Quint frowns severely. You know who I am! You have been forewarned!
The governess is so frightened that the blood drains from her face, turning it a ghastly waxen color; her fists are clenched, white-knuckled, against her flat bosom. Yet, staring at Quint, she seems to challenge him. Yes, I know who you are. But, no, I will not give in.
When Quint releases her, she does not run to hide in her room, but, again most unexpectedly, bounds out of the house, and rushes around to the terrace, where, if Quint were a flesh-and-blood man, a “real” man, he would have stood to peer through the window. Of course, no one is there. A scattering of bruised forsythia blossoms on the terrace beneath the window lies undisturbed.
The governess, white-faced, yet arrogant, peers about with the nervous intensity of a small terrier. Clearly, she is frightened; yet, it seems, fear alone is not enough to deter her. (Her behavior is the more courageous in that it is Sunday, and most of the household, including the ever-vigilant Mrs. Grose, are at church in the Village of Bly.) Quint has retreated to a hedgerow a short distance away, where, joined by a somber Jessel, he contemplates the governess in her plain, prim, chaste Sunday bonnet and provincial costume: how defiant the gawky little thing is! Jessel gnaws at a thumbnail, murmuring, “How can it be, Quint! A normal woman, thinking she’d seen a ghost—or, indeed, thinking she’d seen, in such circumstances, an actual man—would have run away screaming for help.” Quint says, annoyed, “Maybe, love, I’m not so formidable as we think.” Jessel says, worriedly, “Or she is not a normal woman.”
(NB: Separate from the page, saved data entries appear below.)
(* Let $r\ge3$ and $n\ge1$ be integers and put $q_k=\frac{1+r^k(r-2)}{r-1}$ for $k\in\mathbb Z_{\ge0}$. If $B\subseteq\mathbb Z_{q_n}^n$ is an independent set in $C_{q_{n-1},q_n}^{\boxtimes n}$ with $|B|=q_n$, then for every coordinate $i\in\{1,\dots,n\}$ and every symbol $s\in\mathbb Z_{q_n}$ there is exactly one $b\in B$ with $b_i=s$.
   Context: For positive integers $q,d$ with $q\ge 2d$, the circular graph $C_{d,q}$ has vertex set $\mathbb Z_q$, two distinct vertices $x,y$ being adjacent iff $\min\{|x-y|,q-|x-y|\}<d$ (viewing $x,y$ as integers in $\{0,\dots,q-1\}$). For a graph $G=(V,E)$, $G^{\boxtimes n}$ has vertex set $V^n$, distinct $(u_i)$, $(v_i)$ adjacent iff for every $i$ either $u_i=v_i$ or $u_iv_i\in E$. An independent set is a set of pairwise non-adjacent vertices. *)

From mathcomp Require Import all_boot.
Set Implicit Arguments. Unset Strict Implicit. Unset Printing Implicit Defensive.

(* q_k = (1 + r^k (r-2)) / (r-1); the division is exact since r^k = 1 mod r-1. *)
Definition qseq (r k : nat) : nat := (1 + r ^ k * (r - 2)) %/ (r - 1).

Definition cdist (q : nat) (x y : 'I_q) : nat :=
  let a := maxn x y - minn x y in minn a (q - a).

Definition circ_adj (d q : nat) (x y : 'I_q) : bool :=
  (x != y) && (cdist x y < d).

Definition strong_adj (V : finType) (adj : rel V) (n : nat)
    (u v : {ffun 'I_n -> V}) : bool :=
  (u != v) && [forall i, (u i == v i) || adj (u i) (v i)].

Definition independent (T : finType) (adj : rel T) (B : {set T}) : Prop :=
  forall u v, u \in B -> v \in B -> ~~ adj u v.

From mathcomp Require Import all_boot zify.
Set Implicit Arguments. Unset Strict Implicit.

(* Proof of Proposition 9.5.  Write q = q_n and d = q_{n-1}, so that
   q = r d - 1.  An independent set of C_{d,q}^{boxtimes n} is a code in which
   any two distinct words are at circular distance >= d in some coordinate.
   1. Code bound: if the separating coordinates range over a set J, double
      counting over the q arcs of d consecutive symbols in one coordinate
      i \in J gives d |B| <= q A, where A bounds the codes separated on J \ i
      (the words whose i-th symbol lies in a fixed arc); hence
      |B| <= A_{|J|} with A_0 = 1, A_{k+1} = floor (q A_k / d), and
      A_k = q_k for k <= n-1.
   2. Fix a coordinate i and let f u be the number of words of B with i-th
      symbol u mod q.  Each window sum f t + ... + f (t+d-1) counts the words
      over an arc, so it is at most q_{n-1} = d by step 1; the q windows add
      up to d |B| = d q, hence all of them equal d.  Equal consecutive windows
      force f to be d-periodic; being also q-periodic with q + 1 = r d, f is
      constant, and summing over Z_q shows that constant is 1. *)

Fixpoint qrec (r k : nat) : nat := if k is k'.+1 then r * qrec r k' - 1 else 1.

(* q_k >= 1, which keeps the truncated subtraction r q_k - 1 honest. *)
Lemma qrec_ge1 r k : 2 <= r -> 1 <= qrec r k.
Proof. by move=> hr; elim: k => [|k IH] //=; nia. Qed.

Lemma qrec_closed_form r k : 2 <= r -> (r - 1) * qrec r k = 1 + r ^ k * (r - 2).
Proof.
move=> hr; elim: k => [|k IH] /=; first by rewrite expn0; lia.
have := qrec_ge1 k hr; rewrite expnS; move: IH.
set P := r ^ k; set x := qrec r k; nia.
Qed.

Lemma qseq_qrec r k : 2 <= r -> qseq r k = qrec r k.
Proof. by move=> hr; rewrite /qseq -qrec_closed_form // mulKn //; lia. Qed.

Lemma qrec_mono r k m : 2 <= r -> k <= m -> qrec r k <= qrec r m.
Proof.
move=> hr; elim: m => [|m IH]; first by rewrite leqn0 => /eqP ->.
rewrite leq_eqVlt => /orP [/eqP -> //| hk].
by apply: leq_trans (IH hk) _ => /=; have := qrec_ge1 m hr; nia.
Qed.

Definition periodic (p : nat) (f : nat -> nat) : Prop := forall t, f (t + p) = f t.

Definition window (d : nat) (f : nat -> nat) (t : nat) : nat := \sum_(j < d) f (t + j).

Lemma periodic_sum_shift q f j : periodic q f ->
  \sum_(t < q) f (t + j) = \sum_(t < q) f t.
Proof.
move=> fq; elim: j => [|j IH]; first by under eq_bigr do rewrite addn0.
rewrite -IH; case: q fq {IH} => [|q] fq; first by rewrite !big_ord0.
rewrite big_ord_recr big_ord_recl /= addnC; congr (_ + _).
  by rewrite -(fq j); congr f; lia.
by apply: eq_bigr => t _; rewrite /bump /=; congr f; lia.
Qed.

(* Every value of f is seen by exactly d windows of a period. *)
Lemma window_total q d f : periodic q f ->
  \sum_(t < q) window d f t = d * \sum_(t < q) f t.
Proof.
move=> fq; rewrite /window exchange_big /=.
by under eq_bigr do rewrite periodic_sum_shift //; rewrite sum_nat_const card_ord.
Qed.

Lemma window_periodic q d f : periodic q f -> periodic q (window d f).
Proof. by move=> fq t; apply: eq_bigr => j _; rewrite addnAC fq. Qed.

Lemma sum_bounded_eq q (F : 'I_q -> nat) c :
  (forall t, F t <= c) -> \sum_(t < q) F t = q * c -> forall t, F t = c.
Proof.
move=> Fle Fsum t; apply/eqP; rewrite eqn_leq Fle leqNgt; apply/negP => Flt.
have : \sum_(s < q) F s < \sum_(s < q) c.
  by rewrite (bigD1 t) // [X in _ < X](bigD1 t) //= -addSn leq_add // leq_sum.
by rewrite Fsum sum_nat_const card_ord ltnn.
Qed.

Lemma window_const q d f c : 0 < q -> periodic q f ->
  (forall t, window d f t <= c) -> d * \sum_(t < q) f t = q * c ->
  forall t, window d f t = c.
Proof.
move=> q0 fq Wle total t.
have Wsum : \sum_(s < q) window d f (s + t) = q * c.
  by rewrite (periodic_sum_shift _ (window_periodic d fq)) window_total.
by have := sum_bounded_eq (fun s : 'I_q => Wle (s + t)) Wsum (Ordinal q0).
Qed.

(* Consecutive windows of length d differ by f (t + d) - f t. *)
Lemma window_const_periodic d f c : (forall t, window d f t = c) -> periodic d f.
Proof.
move=> Wc t; case: d Wc => [|d] Wc; first by rewrite addn0.
have := Wc t.+1; rewrite -(Wc t) /window big_ord_recr big_ord_recl /=.
have -> : \sum_(j < d) f (t + bump 0 j) = \sum_(j < d) f (t.+1 + j).
  by apply: eq_bigr => j _; congr f; rewrite /bump; lia.
by rewrite [RHS]addnC addn0 addSnnS => /addnI.
Qed.

Lemma two_periods_const q d r f : periodic q f -> periodic d f -> q.+1 = r * d ->
  forall t, f t = f 0.
Proof.
move=> fq fd qd.
have fkd k t : f (t + k * d) = f t.
  by elim: k => [|k IH]; rewrite ?addn0 // mulSnr addnA fd IH.
elim=> [//|t IH]; rewrite -IH -(fq t.+1) -(fkd r t); congr f; lia.
Qed.

Definition in_arc (q d t x : nat) : bool := [exists j : 'I_d, x == (t + j) %% q].

Lemma modn_addE q t j : t < q -> j < q ->
  (t + j) %% q = if t + j < q then t + j else t + j - q.
Proof.
move=> ht hj; case: ifP => h; first by rewrite modn_small.
have -> : t + j = (t + j - q) + q by lia.
by rewrite modnDr modn_small; lia.
Qed.

Lemma arc_cdist q d t (u v : 'I_q) : d <= q -> in_arc q d t u -> in_arc q d t v ->
  cdist u v < d.
Proof.
move=> hdq /existsP [j1 /eqP hu] /existsP [j2 /eqP hv].
have q0 : 0 < q := leq_ltn_trans (leq0n u) (ltn_ord u).
rewrite -modnDml in hu; rewrite -modnDml in hv.
have ht : t %% q < q by rewrite ltn_mod.
have hj1 := ltn_ord j1; have hj2 := ltn_ord j2.
rewrite (modn_addE ht (leq_trans hj1 hdq)) in hu.
rewrite (modn_addE ht (leq_trans hj2 hdq)) in hv.
have hx := ltn_ord u; have hy := ltn_ord v.
move: hu hv; rewrite /cdist; set T := t %% q.
by case: ifP; case: ifP => h2 h1 -> ->; lia.
Qed.

(* Since d <= q the d residues of an arc are distinct, so membership in the
   arc is the sum of the indicators of its points. *)
Lemma in_arc_sum q d t x : d <= q ->
  (in_arc q d t x : nat) = \sum_(j < d) (x == (t + j) %% q : nat).
Proof.
move=> hdq; case: (boolP (in_arc q d t x)) => [/existsP [j0 /eqP hj0]|]; last first.
  by move=> /existsPn hn; rewrite big1 // => j _; rewrite (negbTE (hn j)).
rewrite (bigD1 j0) //= hj0 eqxx big1 // => j hj.
case: eqP => // /eqP; rewrite eqn_modDl !modn_small ?(leq_trans (ltn_ord _) hdq) //.
by move=> /eqP /val_inj hjj; rewrite hjj eqxx in hj.
Qed.

Lemma card_sum_indicator (T : finType) (B : {set T}) (P : pred T) :
  #|[set b in B | P b]| = \sum_(b in B) (P b : nat).
Proof.
rewrite -sum1dep_card big_mkcondr /=.
by apply: eq_bigr => b _; case: (P b).
Qed.

Section Fibers.
Variables (q n : nat) (B : {set {ffun 'I_n -> 'I_q}}) (i : 'I_n).

Definition fiber (u : nat) : nat := #|[set b in B | val (b i) == u %% q]|.

Lemma fiber_periodic : periodic q fiber.
Proof. by move=> u; apply: eq_card => b; rewrite !inE modnDr. Qed.

Lemma fiber_sum : \sum_(u < q) fiber u = #|B|.
Proof.
rewrite -sum1_card (partition_big (P := mem B) (fun b => b i) predT) //=.
by apply: eq_bigr => u _; rewrite sum1dep_card /fiber modn_small.
Qed.

Lemma arc_window d t : d <= q ->
  #|[set b in B | in_arc q d t (b i)]| = window d fiber t.
Proof.
move=> hdq; rewrite card_sum_indicator.
under eq_bigr => b _ do rewrite in_arc_sum //.
by rewrite exchange_big; apply: eq_bigr => j _; rewrite /fiber card_sum_indicator.
Qed.

End Fibers.

Definition separated q d n (J : {set 'I_n}) (B : {set {ffun 'I_n -> 'I_q}}) : Prop :=
  forall u v, u \in B -> v \in B -> u != v ->
    exists2 j, j \in J & d <= cdist (u j) (v j).

Lemma independent_separated q d n (B : {set {ffun 'I_n -> 'I_q}}) :
  independent (strong_adj (@circ_adj d q) (n:=n)) B -> separated d [set: 'I_n] B.
Proof.
move=> hind u v uB vB uv; have := hind u v uB vB.
rewrite /strong_adj uv /= => /forallPn [j]; rewrite negb_or /circ_adj.
by move=> /andP [hne]; rewrite hne /= -leqNgt => hj; exists j; rewrite ?inE.
Qed.

(* Words on a common arc in coordinate i are close there, so coordinate i is
   no longer needed to separate them. *)
Lemma separated_arc q d n (J : {set 'I_n}) (B : {set {ffun 'I_n -> 'I_q}}) i t :
  d <= q -> separated d J B -> i \in J ->
  separated d (J :\ i) [set b in B | in_arc q d t (b i)].
Proof.
move=> hdq hB hi u v; rewrite !inE => /andP [uB ua] /andP [vB va] uv.
have [j jJ hj] := hB u v uB vB uv; exists j => //; rewrite !inE jJ andbT.
by apply: contraTneq hj => ->; rewrite -ltnNge (arc_cdist hdq ua va).
Qed.

Fixpoint abound (q d k : nat) : nat := if k is k'.+1 then q * abound q d k' %/ d else 1.

Lemma separated_bound q d n (J : {set 'I_n}) (B : {set {ffun 'I_n -> 'I_q}}) :
  0 < d -> d <= q -> separated d J B -> #|B| <= abound q d #|J|.
Proof.
move=> d0 hdq; move Ek : #|J| => k; elim: k J B Ek => [|k IH] J B Ek hB /=.
  rewrite leqNgt; apply/negP => /card_gt1P [u [v [uB vB uv]]].
  have [j jJ _] := hB u v uB vB uv.
  by move/eqP: Ek; rewrite cards_eq0 => /eqP J0; rewrite J0 inE in jJ.
have [i hi] : exists i, i \in J by apply/card_gt0P; rewrite Ek.
have EkJ : #|J :\ i| = k by move: Ek; rewrite (cardsD1 i J) hi; lia.
rewrite leq_divRL // mulnC -(fiber_sum B i) -(window_total _ (fiber_periodic B i)).
rewrite -[q in q * _]card_ord -sum_nat_const; apply: leq_sum => t _.
by rewrite -arc_window // (IH (J :\ i)) //; apply: separated_arc.
Qed.

(* With q + 1 = r d, A_{k+1} = r A_k - 1 as long as 1 <= A_k <= d; hence the
   bound A_k agrees with q_k below level m when d = q_m and q = q_{m+1}. *)
Lemma abound_qrec r m k : 2 <= r -> k <= m ->
  abound (qrec r m.+1) (qrec r m) k = qrec r k.
Proof.
move=> hr; elim: k => [//|k IH] hk /=; rewrite IH; last lia.
have := qrec_ge1 k hr; have := qrec_mono hr (ltnW hk).
set x := qrec r k; set d := qrec r m => hxd hx1.
apply/eqP; rewrite eqn_leq -ltnS ltn_divLR ?leq_divRL; [apply/andP; split; nia|lia|lia].
Qed.

Theorem proposition9p5 (r n : nat) (hr : 3 <= r) (hn : 1 <= n)
    (B : {set {ffun 'I_n -> 'I_(qseq r n)}}) :
  independent (strong_adj (@circ_adj (qseq r n.-1) (qseq r n)) (n:=n)) B ->
  #|B| = qseq r n ->
  forall (i : 'I_n) (s : 'I_(qseq r n)), #|[set b in B | b i == s]| = 1.
Proof.
case: n hn B => [//|m] _ B /= hind hcard i s; have r2 : 2 <= r by lia.
set q := qseq r m.+1 in B hind hcard s *; set d := qseq r m in hind.
have qE : q = qrec r m.+1 by rewrite /q qseq_qrec.
have dE : d = qrec r m by rewrite /d qseq_qrec.
have d1 : 0 < d by rewrite dE qrec_ge1.
have qd : q.+1 = r * d by rewrite qE dE /=; nia.
have hdq : d <= q by nia.
(* every arc in coordinate i carries at most A_m = q_m = d words *)
have Wle t : window d (fiber B i) t <= d.
  have sep := separated_arc (t := t) hdq (independent_separated hind) (in_setT i).
  rewrite -arc_window //; apply: leq_trans (separated_bound d1 hdq sep) _.
  have -> : #|[set: 'I_m.+1] :\ i| = m by rewrite setTD cardsC1 card_ord.
  by rewrite qE dE abound_qrec.
have q0 : 0 < q := leq_trans d1 hdq.
(* the q windows add up to d |B| = d q, so each of them equals d *)
have Wd : forall t, window d (fiber B i) t = d.
  by apply: (window_const q0 (fiber_periodic B i) Wle); rewrite fiber_sum hcard mulnC.
have fc := two_periods_const (fiber_periodic B i) (window_const_periodic Wd) qd.
have f1 : fiber B i 0 = 1.
  have := fiber_sum B i; under eq_bigr do rewrite fc; rewrite sum_nat_const card_ord.
  by rewrite hcard => h; apply/eqP; rewrite -(eqn_pmul2l q0) h muln1.
by rewrite -f1 -(fc s) /fiber modn_small //; apply: eq_card => b; rewrite !inE.
Qed.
Afterward, Quint recalls the episode with, beyond annoyance and chagrin, a stir of sexual arousal. It excites him that there is a new, young, willful woman at Bly; homely as a pudding, and with a body flat, bosom and buttocks, as a board. Certainly she lacks Jessel’s passion, as she lacks Jessel’s desperation. Yet she is alive, and poor dear Jessel is dead.
Quint makes himself snake-slender, incorporeal: yet gifted with a prodigious red-skinned erection: an incubus: insinuating himself into the governess’s bedroom, and into her bed, and, despite her faint flailing protests, into her very body.
When he groans aloud, shuddering, Jessel pokes him with a sharp little fist.
“Are you having a nightmare, Quint?” she asks ironically.
And then, an unexpected development: poor little Miles has been expelled from Eton!
Quint and Jessel contrive to overhear the governess and Mrs. Grose as they discuss the subject, and the mystery embedded in it, repeatedly; obsessively. The governess, quite shocked, and puzzled, reads the headmaster’s letter of dismissal to Mrs. Grose; together, the women dissect the chill, blunt, insultingly formal sentences, which present the expulsion as a fait accompli, about which there can be no negotiations. It seems, simply, that Eton “declines” to keep little Miles as a student. That is all.
Jessel, crouched beside Quint, murmurs in a low, sensuous voice, “Delightful for you, Quint, to have your boy back again, eh? The four of us will be reunited soon!—I know it.”
But Quint, who has a notion that he knows why Miles has been expelled, says, gravely, “But, poor Miles! He must go to school, after all; he can’t hang about here like his sister. His uncle will be furious when he learns. The old bugger wants nothing but that Miles grow up to be a ‘manly man’ like himself.”
“Oh, what do we care for him?” Jessel asks. “He is the worst of the enemy, after all.”
A day later, Miles appears. He is much the same as Quint recalls, perhaps an inch or so taller, a few pounds heavier; fair-skinned, clear-eyed, with that slightly feverish flush to his cheeks and that air of startled breathlessness that Quint found so appealing—finds appealing still. A sweet, clever, circumspect lad of ten, but far, far older than his years, Miles wins the heart of the new governess at their first meeting; forestalls, by his very innocence, any awkward questions about Eton; and, that night, when he should have been in bed, slips past the door of the governess’s room (which little Flora shares) and wanders out into the deep, shifting shadows of the park, seeking—who, or what?
Moonlight cascades over the slated roofs of the great ugly House of Bly. The cries of nocturnal birds sound in a rhythmic, staccato pulse.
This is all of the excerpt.